Karadzic claims arrest irregularities
Radovan Karadzic has appeared in court to face charges that include genocide and war crimes.
The man accused of being the political power responsible for the Srebrenica massacre of Muslims and the siege of Sarajevo said the court had been misinformed about the date of his arrest.
The court gave July 21 as the day Serbian authorities captured the defendant in Belgrade. When the arrest was first made public, his lawyer in Serbia said Karadzic had been arrested three days earlier.
Karadzic, without the bushy beard he wore when he was arrested, listened as Judge Alphons Orie read a summary of the charges against him, 11 counts in all, involving genocide, crimes against humanity and war crimes.
Karadzic did not enter a plea but did say he would be representing himself before the International Criminal Tribunal for the Former Yugoslavia at The Hague, Holland.
Despite the seriousness of the charges, Karadzic did manage a smile when asked whether his family knows he is in detention. He answered wryly, "I don't believe there is anyone who doesn't know that I am in the detention unit."
His next court appearance will be August 29. If Karadzic enters no plea at that hearing, the judge will enter a not guilty plea on his behalf. and pretrial proceedings will begin.
The actual trial would not begin for several months, Chief Prosecutor Serge Brammertz said before the hearing. If Karadzic pleads guilty, there will be no trial, and the judge will set a date for his sentencing.
Karadzic has long eluded the U.N. war crimes tribunal, reinventing himself as an alternative medicine practitioner and growing a long white beard and mustache to disguise himself.
Karadzic claimed that he made a deal in 1996 with then-U.S. diplomat Richard Holbrooke that involved his withdrawal from public life. "According to [the offer] ... I had to withdraw from public life, I had to make certain gestures, and in return the U.S.A. would fulfill their commitments. This was on behalf of the United States of America," he emphasized.
He said attempts were made to persuade the chief prosecutor to withdraw his indictment.

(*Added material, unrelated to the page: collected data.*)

(* Let $n\ge 3$ and let $\alpha: I\to\mathbb{E}^n$ be an arclength parameterized curve with non-zero curvatures $\kappa_1,\dots,\kappa_{n-1}$. Then $\alpha$ is congruent to a rectifying curve if and only if, for some constant $c\in\mathbb{R}$, $$\kappa_{n-1}(s)\sum_{k=0}^{n-4}\mu_{n-3,k}(s)\frac{d^k}{ds^k}\left(\frac{\kappa_1(s)}{\kappa_2(s)}\right)+\sum_{k=0}^{n-3}\left(\mu_{n-2,k}(s)\frac{d^k}{ds^k}\left(\frac{\kappa_1(s)}{\kappa_2(s)}\right)\right)'=0,$$ where the functions $\mu_{i,k}$ are defined inductively by: $\mu_{1,0}(s)=s+c$; $\mu_{2,0}(s)=\frac{1}{\kappa_3(s)}$, $\mu_{2,1}(s)=\frac{s+c}{\kappa_3(s)}$; and for $i\in\{3,\dots,n-2\}$: $\mu_{i,0}=\frac{\kappa_i\mu_{i-2,0}+\mu_{i-1,0}'}{\kappa_{i+1}}$; $\mu_{i,k}=\frac{\kappa_i\mu_{i-2,k}+\mu_{i-1,k}'+\mu_{i-1,k-1}}{\kappa_{i+1}}$ for $k\in\{1,\dots,i-3\}$; $\mu_{i,i-2}=\frac{\mu_{i-1,i-3}+\mu_{i-1,i-2}'}{\kappa_{i+1}}$; $\mu_{i,i-1}=\frac{\mu_{i-1,i-2}}{\kappa_{i+1}}$. (Empty sums are zero.)
   Context: For an arclength parameterized curve $\alpha$ in $\mathbb{E}^n$ that is $n$ times continuously differentiable, the Frenet frame $T,N,B_1,\dots,B_{n-2}$ is orthonormal and satisfies $T'=\kappa_1N$, $N'=-\kappa_1T+\kappa_2B_1$, $B_1'=-\kappa_2N+\kappa_3B_2$, $B_i'=-\kappa_{i+1}B_{i-1}+\kappa_{i+2}B_{i+1}$ for $i\in\{2,\dots,n-3\}$, $B_{n-2}'=-\kappa_{n-1}B_{n-3}$, where $\kappa_1,\dots,\kappa_{n-1}$ are the curvatures and $\kappa_1,\dots,\kappa_{n-2}>0$. ''Non-zero curvatures'' means no curvature is identically zero. A curve $\alpha$ is a rectifying curve if there is a fixed point $p$ such that for all $s$, $\langle\alpha(s)-p,N(s)\rangle=0$ (the orthogonal complement of $N(s)$ contains a fixed point). *)

From Stdlib Require Import Reals Lra Lia Arith.
From Coquelicot Require Import Coquelicot.
Open Scope R_scope.

(* Points / vectors of E^n are represented as [nat -> R]; only the
   coordinates 0 .. n-1 are meaningful. *)
Definition vec := nat -> R.

Fixpoint sumk (m : nat) (f : nat -> R) : R :=
  match m with
  | O => 0
  | S m' => sumk m' f + f m'
  end.

Definition dot (n : nat) (u v : vec) : R := sumk n (fun i => u i * v i).

Definition in_I (a b : Rbar) (s : R) : Prop := Rbar_lt a s /\ Rbar_lt s b.

Definition smooth_on (a b : Rbar) (f : R -> R) : Prop :=
  forall (m : nat) (s : R), in_I a b s -> ex_derive_n f m s.

(* Frenet apparatus of an arclength parameterized curve alpha in E^n on I:
   E 0 = T, E 1 = N, E (j+1) = B_j (1 <= j <= n-2);  kap j = kappa_j (1<=j<=n-1).
   - alpha' = T (so alpha is arclength parameterized since |T| = 1),
   - the frame is orthonormal,
   - the Frenet equations  E_j' = - kappa_j E_{j-1} + kappa_{j+1} E_{j+1}
     (the first term absent for j = 0, the second absent for j = n-1),
     which is exactly T' = k1 N, N' = -k1 T + k2 B1, B_i' = ..., B_{n-2}' = -k_{n-1} B_{n-3},
   - kappa_1, ..., kappa_{n-2} > 0. *)
Definition frenet_apparatus (n : nat) (a b : Rbar) (alpha : R -> vec)
  (E : nat -> R -> vec) (kap : nat -> R -> R) : Prop :=
  (forall s, in_I a b s -> forall i, (i < n)%nat ->
     is_derive (fun t => alpha t i) s (E 0%nat s i)) /\
  (forall s, in_I a b s -> forall j k, (j < n)%nat -> (k < n)%nat ->
     dot n (E j s) (E k s) = if Nat.eqb j k then 1 else 0) /\
  (forall s, in_I a b s -> forall j i, (j < n)%nat -> (i < n)%nat ->
     is_derive (fun t => E j t i) s
       ((if Nat.eqb j 0 then 0 else - kap j s * E (j - 1)%nat s i) +
        (if Nat.ltb (j + 1) n then kap (j + 1)%nat s * E (j + 1)%nat s i else 0))) /\
  (forall s, in_I a b s -> forall j, (1 <= j <= n - 2)%nat -> 0 < kap j s).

"I believe this is very important for my fate and for my legal position," he said. "I want to show why I am appearing before this court only now, rather than in '96, '97 or '98, when I had the intention of appearing here, but at that time, I was in danger of being liquidated because I had made a deal that ... Mr. Holbrooke tried to honor."
Karadzic added, "This is a matter of life and death. If Mr. Holbrooke still wants my death and regrets that there is no death sentence here, I wonder if his arm is long enough to reach me here."
Orie said the court was not aware of any such agreements and urged him to submit the matter in writing.
Holbrooke said Karadzic's claim was "a flat-out lie."
Karadzic, in response to queries from the judge, identified himself and gave his family's address in Pale, Bosnia, as his most recent address. Karadzic showed little emotion »
When pressed, he also gave an address in Belgrade. "If you're asking me about my unofficial address, the one I had under my other identity ... it was in Belgrade," he said.
The charges against Karadzic stem from the 1992-95 war in Bosnia-Herzegovina, when Karadzic was president of a breakaway Serb republic.
The tribunal accuses Karadzic of leading a campaign that killed thousands of men, women and children -- mainly Bosnian Muslims and Bosnian Croats -- as part of a violent effort to rid the region of non-Serbs.
Forces under Karadzic's command rounded up tens of thousands of non-Serbs and held them in camps where, an indictment says, the Serbian forces "tortured, mistreated, sexually assaulted and killed non-Serbs," the tribunal said Wednesday.
"The indictment also charges Karadzic with responsibility for a protracted campaign of shelling and sniping of civilian areas of Sarajevo, killing and wounding thousands of civilians, including children and the elderly," a tribunal statement said before the hearing.
The Bosnian war was Europe's bloodiest conflict since World War II and the longest of the wars spawned by the breakup of Yugoslavia in the early 1990s.
Backed by the government of then-Yugoslav President Slobodan Milosevic, Bosnian Serb forces seized control of more than half the country and launched a campaign against the Muslim and Croat populations that introduced the term "ethnic cleansing" to the world.
Karadzic was removed from power in 1995, when the Dayton Accords that ended the Bosnian war barred anyone accused of war crimes from holding office.
Though he portrayed Serbs as victims, Karadzic is accused of responsibility for the massacre at Srebrenica, a U.N. "safe area" Serb troops overran in July 1995.
Nearly 8,000 Bosnian Muslim men and boys were killed at Srebrenica, the worst European massacre since World War II.